Most of the debris was wheel-barrowed out and taken off-site in a tipper truck.
‘Having changed the design, I decided to create an outdoor space on the first floor,’ says Michael. ‘I created a roof terrace over the main bedroom, reducing the ceiling height in the bedroom from 2.9m to 2.4m to give more wall height on the terrace and therefore more privacy.’
The terrace is created from a completely new floor structure, including a layer of fibreglass and decking, so the old joists were salvaged and re-used in repairs to the upper floor. Surplus joists were turned into a headboard, a coffee table and an internal sliding gate.
A number of huge steel beams, each one foot deep, were taken out and buried in the concrete floor at ground level because they were too big to take off site. Others were re-positioned to create the various floor levels of the main living space.
The industrial brick walls were cracked in some area but these were mesh secured, rebuilt and repointed. Light pours into the building via large Velux rooflights, and the bespoke metal balustrade separating the dining kitchen level from the lower sitting room area maintains the open style of the split-level room.

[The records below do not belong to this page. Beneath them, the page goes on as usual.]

(* Let $\Gamma$ be a gain operator on $\ell^\infty_+(\mathcal I)$ with $|\mathcal I|<\infty$. Then $\Gamma$ satisfies the NJI condition if and only if $\Gamma$ satisfies the uniform NJI condition.
   Context: Let $\mathcal I$ be a nonempty countable index set; $\ell^\infty_+(\mathcal I)$ is the cone of nonnegative real families $s=(s_i)_{i\in\mathcal I}$ with $\|s\|:=\sup_i|s_i|<\infty$; $s^1\le s^2$ means componentwise; $s>0$ means $s\ge0$, $s\ne0$; $\Gamma(s)\not\ge s$ means it is not the case that $\Gamma(s)\ge s$. $\mathcal K_\infty$: continuous strictly increasing unbounded $\gamma:\mathbb R_+\to\mathbb R_+$ with $\gamma(0)=0$. For $\mathcal J\subset\mathcal I$, $s_{|\mathcal J}$ agrees with $s$ on $\mathcal J$ and is $0$ elsewhere. Gain operator: for each $i$ a finite (possibly empty) $\mathcal I_i\subset\mathcal I\setminus\{i\}$; directed graph $\mathcal G$ with vertices $\mathcal I$ and edges $ji$, $j\in\mathcal I_i$; a pointwise equicontinuous family $\gamma_{ij}\in\mathcal K_\infty$ ($ji\in E(\mathcal G)$); functions $\mu_i:\ell^\infty_+(\mathcal I)\to[0,\infty]$ with (M1) some $\xi\in\mathcal K_\infty$ has $\mu_i(0)=0$, $\mu_i(s)\ge\xi(\|s\|)$ for all $i,s$; (M2) $\mu_i$ monotone; (M3) for each finite $\mathcal J$, $\mu_i$ restricted to vectors vanishing off $\mathcal J$ is finite-valued and continuous; (M4) for each norm-bounded $A$ and $\varepsilon>0$ there is $\delta>0$ with $\sup_i|\mu_i(s_{|\mathcal I_i})-\mu_i(s^0_{|\mathcal I_i})|\le\varepsilon$ whenever $s^0\in A$, $\|s-s^0\|\le\delta$. $\Gamma_i(s):=\mu_i([\gamma_{ij}(s_j)]_{j\in\mathcal I_i})$ (argument zero outside $\mathcal I_i$). $\mathcal N^-_i(n)$ is the set of vertices $j$ from which there is a directed path to $i$ of length at most $n$ ($\mathcal N^-_i(0)=\{i\}$). NJI condition: $\Gamma(s)\not\ge s$ for all $s>0$. Uniform NJI condition: for all $r,\varepsilon>0$ there are $n\in\mathbb N$ and $\delta>0$ such that for all $s\in\ell^\infty_+(\mathcal I)$ and $i\in\mathcal I$ with $s_i\ge\varepsilon$ and $\|s\|\le r$ there is $j\in\mathcal N^-_i(n)$ with $s_j\ge\delta$ and $\Gamma_j(s)<s_j$. *)

From HB Require Import structures.
From mathcomp Require Import all_boot all_order all_algebra.
From mathcomp Require Import all_classical all_reals all_analysis.
Set Implicit Arguments. Unset Strict Implicit. Unset Printing Implicit Defensive.
Import Order.TTheory GRing.Theory Num.Theory.
Local Open Scope classical_set_scope.
Local Open Scope ring_scope.
Import numFieldNormedType.Exports.

(* The index set is a (nonempty) finite type I; an element of
   l^oo_+(I) is a function s : I -> R with nonnegative values. *)

(* class K_oo on R_+ (functions R -> R, only their values on [0,oo) matter) *)
Definition Kinf (R : realType) (g : R -> R) : Prop :=
  [/\ g 0 = 0,
      {within [set x : R | 0 <= x], continuous g},
      (forall x y : R, 0 <= x -> x < y -> g x < g y) &
      (forall M : R, exists x : R, 0 <= x /\ M < g x)].

Definition supnorm (R : realType) (I : finType) (s : I -> R) : R :=
  \big[Num.max/0]_(i : I) `|s i|.

Definition nonneg (R : realType) (I : finType) (s : I -> R) : Prop :=
  forall i, 0 <= s i.

Definition restrict (R : realType) (I : finType) (J : {set I}) (s : I -> R)
  : I -> R := fun j => if j \in J then s j else 0.

Definition Gamma_i (R : realType) (I : finType) (Ii : I -> {set I})
  (gamma : I -> I -> R -> R) (mu : I -> (I -> R) -> \bar R) (i : I) (s : I -> R)
  : \bar R :=
  mu i (restrict (Ii i) (fun j => gamma i j (s j))).

(* j is in N^-_i(n): there is a directed path of length <= n from j to i in
   the graph with edges j -> k for j in I_k *)
Definition in_Nminus (I : finType) (Ii : I -> {set I}) (n : nat) (i j : I)
  : Prop :=
  exists p : seq I,
    [/\ path (fun a b => a \in Ii b) j p, last j p = i & (size p <= n)%N].

Definition is_gain_operator (R : realType) (I : finType) (Ii : I -> {set I})
  (gamma : I -> I -> R -> R) (mu : I -> (I -> R) -> \bar R) : Prop :=
      (forall i, i \notin Ii i) /\
      (forall i j, j \in Ii i -> Kinf (gamma i j)) /\
      (forall x : R, 0 <= x -> forall eps : R, 0 < eps ->
         exists2 d : R, 0 < d & forall i j, j \in Ii i ->
           forall y : R, 0 <= y -> `|y - x| < d ->
             `|gamma i j y - gamma i j x| < eps) /\
      (exists xi : R -> R, Kinf xi /\
         forall i, mu i (fun _ => 0) = 0%E /\
           forall s, nonneg s -> ((xi (supnorm s))%:E <= mu i s)%E) /\
      (forall i (s1 s2 : I -> R), nonneg s1 -> (forall j, s1 j <= s2 j) ->
         (mu i s1 <= mu i s2)%E) /\
      (forall i (J : {set I}),
         let D := fun s : I -> R => nonneg s /\ forall j, j \notin J -> s j = 0 in
         (forall s, D s -> mu i s \is a fin_num) /\
         (forall s0, D s0 -> forall eps : R, 0 < eps ->
            exists2 d : R, 0 < d & forall s, D s ->
              supnorm (fun j => s j - s0 j) < d ->
              `|fine (mu i s) - fine (mu i s0)| < eps)) /\
      (forall A : set (I -> R), (forall s, A s -> nonneg s) ->
         (exists r : R, forall s, A s -> supnorm s <= r) ->
         forall eps : R, 0 < eps ->
         exists2 d : R, 0 < d & forall s0 s, A s0 -> nonneg s ->
           supnorm (fun j => s j - s0 j) <= d ->
           forall i, (`|mu i (restrict (Ii i) s) - mu i (restrict (Ii i) s0)|
                        <= eps%:E)%E).

Definition NJI (R : realType) (I : finType) (Ii : I -> {set I})
  (gamma : I -> I -> R -> R) (mu : I -> (I -> R) -> \bar R) : Prop :=
  forall s : I -> R, nonneg s -> s <> (fun _ => 0) ->
    ~ (forall i, ((s i)%:E <= Gamma_i Ii gamma mu i s)%E).

Definition uniform_NJI (R : realType) (I : finType) (Ii : I -> {set I})
  (gamma : I -> I -> R -> R) (mu : I -> (I -> R) -> \bar R) : Prop :=
  forall r eps : R, 0 < r -> 0 < eps ->
    exists n : nat, exists2 delta : R, 0 < delta &
      forall (s : I -> R) (i : I), nonneg s -> eps <= s i -> supnorm s <= r ->
        exists j : I, [/\ in_Nminus Ii n i j, delta <= s j &
                          (Gamma_i Ii gamma mu j s < (s j)%:E)%E].

(* Uniform NJI implies NJI by applying it with r = ||s|| and eps = s_i at a
   positive coordinate i of s.  Conversely, suppose uniform NJI fails for some
   r, eps, even with n = |I|.  Then every delta > 0 admits a counterexample in
   the box [0, r]^I, and since I is finite a single index i carries
   counterexamples for all delta.  By Tychonoff these have a cluster point s*
   with s*_i >= eps.  As Gamma is continuous, Gamma_j(s) < s_j is an open
   condition, so no j upstream of i satisfies it at s*.  The set of vertices
   upstream of i is closed under predecessors, so restricting s* to it leaves
   Gamma unchanged there and gives a nonzero s with Gamma(s) >= s, against NJI. *)

From mathcomp Require Import all_boot all_order all_algebra.
From mathcomp Require Import all_classical all_reals all_analysis.
From mathcomp Require Import lra.
Set Implicit Arguments. Unset Strict Implicit. Unset Printing Implicit Defensive.
Import Order.TTheory GRing.Theory Num.Theory.
Local Open Scope classical_set_scope.
Local Open Scope ring_scope.
Import numFieldNormedType.Exports.
Import ArrowAsProduct.

Lemma Kinf_ge0 (R : realType) (g : R -> R) x : Kinf g -> 0 <= x -> 0 <= g x.
Proof.
case=> g0 _ gi _; rewrite le_eqVlt => /orP[/eqP <-|x0]; first by rewrite g0.
by rewrite -g0 ltW // gi.
Qed.

Lemma ler_supnorm (R : realType) (I : finType) (s : I -> R) i :
  `|s i| <= supnorm s.
Proof. exact: (le_bigmax 0 (fun i => `|s i|)). Qed.

Lemma supnorm_ge0 (R : realType) (I : finType) (s : I -> R) : 0 <= supnorm s.
Proof. exact: bigmax_ge_id. Qed.

Lemma supnorm_lt (R : realType) (I : finType) (s : I -> R) d :
  0 < d -> (forall i, `|s i| < d) -> supnorm s < d.
Proof. by move=> d0 sd; apply: bigmax_lt. Qed.

(* Instance inference does not find this filter on the product topology. *)
Definition fun_nbhs_filter (R : realType) (I : finType) (f : I -> R) :
  Filter (nbhs f) := @nbhs_filter (prod_topology (fun _ : I => R)) f.

Lemma near_coord (R : realType) (I : finType) (f : I -> R) i (e : R) :
  0 < e -> \forall g \near f, `|g i - f i| < e.
Proof.
move=> e0.
have coord := @proj_continuous I (fun _ => R) i f _ (nbhsx_ballx (f i) e e0).
by apply: (@filterS _ _ (fun_nbhs_filter f) _ _ _ coord) => g; rewrite /proj /ball /= distrC.
Qed.
(* Let $\Gamma=((V,E),m)$ be an even Artin–Tits system whose underlying graph $(V,E)$ is a finite tree. Then $K_\Gamma$ is a finitely generated free group.
   Context: An Artin–Tits system $\Gamma=((V,E),m)$ consists of a simplicial graph $(V,E)$ and a labelling $m\colon E\to\{2,3,\dots\}$; it is even if all labels are even. $G_\Gamma=\langle V \mid \mathrm{prod}(u,v,m(\{u,v\}))=\mathrm{prod}(v,u,m(\{u,v\}))\ \forall \{u,v\}\in E\rangle$, where $\mathrm{prod}(u,v,n)$ is the prefix of length $n$ of $uvuv\cdots$. $K_\Gamma$ is the kernel of the homomorphism $G_\Gamma\to\mathbb{Z}$ sending every $v\in V$ to $1$. *)

From mathcomp Require Import all_boot all_algebra.
Set Implicit Arguments.
Unset Strict Implicit.
Unset Printing Implicit Defensive.

(* A letter over an alphabet X: (x, false) is x, (x, true) is x^-1. *)
Definition word (X : Type) := seq (X * bool).

Definition inv_letter (X : Type) (a : X * bool) : X * bool := (a.1, ~~ a.2).
Definition inv_word (X : Type) (w : word X) : word X := rev (map (@inv_letter X) w).

Definition prodw (X : Type) (u v : X) (n : nat) : word X :=
  mkseq (fun i => if odd i then (v, false) else (u, false)) n.

Definition simple_graph (V : finType) (e : rel V) : Prop :=
  (forall x y, e x y = e y x) /\ (forall x, ~~ e x x).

There are further half levels off this main living area, accessed through a huge sliding wooden door. These lead on one level to a bedroom, dressing area and twin shower rooms, and a multi-purpose games room tucked into the roof space on another.
One of the biggest challenges, surprisingly, was the cantilevered staircase, which leads straight up to the main living area from the ground floor of bedrooms and bathrooms. While Michael was happy to shift massive steel beams, rearrange floors and leave great swathes of the building’s industrial heritage un-modernised, he almost met his match with the feature staircase
‘It’s one of the first things you see when you walk through the door and I wanted to create something stunning – a statement piece if you like,’ he says.‘It tested us all. It came in four parts and the material is so heavy it’s a dead weight, and it had to be forklifted in.’
The heavy treads are cantilevered on to long, strong metal beams hidden in the wall and the metal design balustrade was perfectly measured to achieve the right angles and proportions. The staircase alone cost £15,000.
‘The big thing for me was proportion and detail,’ says Michael. ‘Not just with the staircase, which was a challenge in itself, but right the way through the house. I was keen to get it absolutely right - where different metals meet, for example and rather than hide joints I was keen to make them pure and simple, therefore they had to be really well finished. The real beauty of the building is in the fabric itself – the textures and natural materials which work side by side to create this open, industrial look. It was never going to be a straight forward conversion, but it’s immensely satisfying to have given a dilapidated old garage whole new lease of life.’
Useful Contacts
Car turntable www.easyturn.co.uk
Sandblasting Blastaway Services Ltd, Malton
Kutchenhaus www.kutchenhaus.co.uk
Vertigrow (terrace) www.vertigrow.co.uk
Bruno log fires www.stovesonline.co.uk
Stairs installation A&J Stead Ltd 01653 693742
Balustrade manufacturer www.eeingleton.co.uk (Sheffield)
Bathroom suppliers: various, including www.lussostone.com
Learning Points
The trick with this kind of building is to leave its character wherever possible and don’t be scared to leave things in the wall, or its imperfections exposed. Go for minimal intervention and celebrate the changes.
Always liaise with your neighbours and explain what you are planning to do to help get them on side. If necessary undertake free repairs to ease discussions.
Pay attention to detail. It’s easy to cut corners or hide imperfections, but the greatest satisfaction comes from the seamless joints, the subtle design ideas and the points of difference.
Divide a large, open plan room into split levels to create interest and define living areas
Be bold with the main elements – expose the whole roof structure, go for a sculptural staircase and be happy with the imperfections of an old building.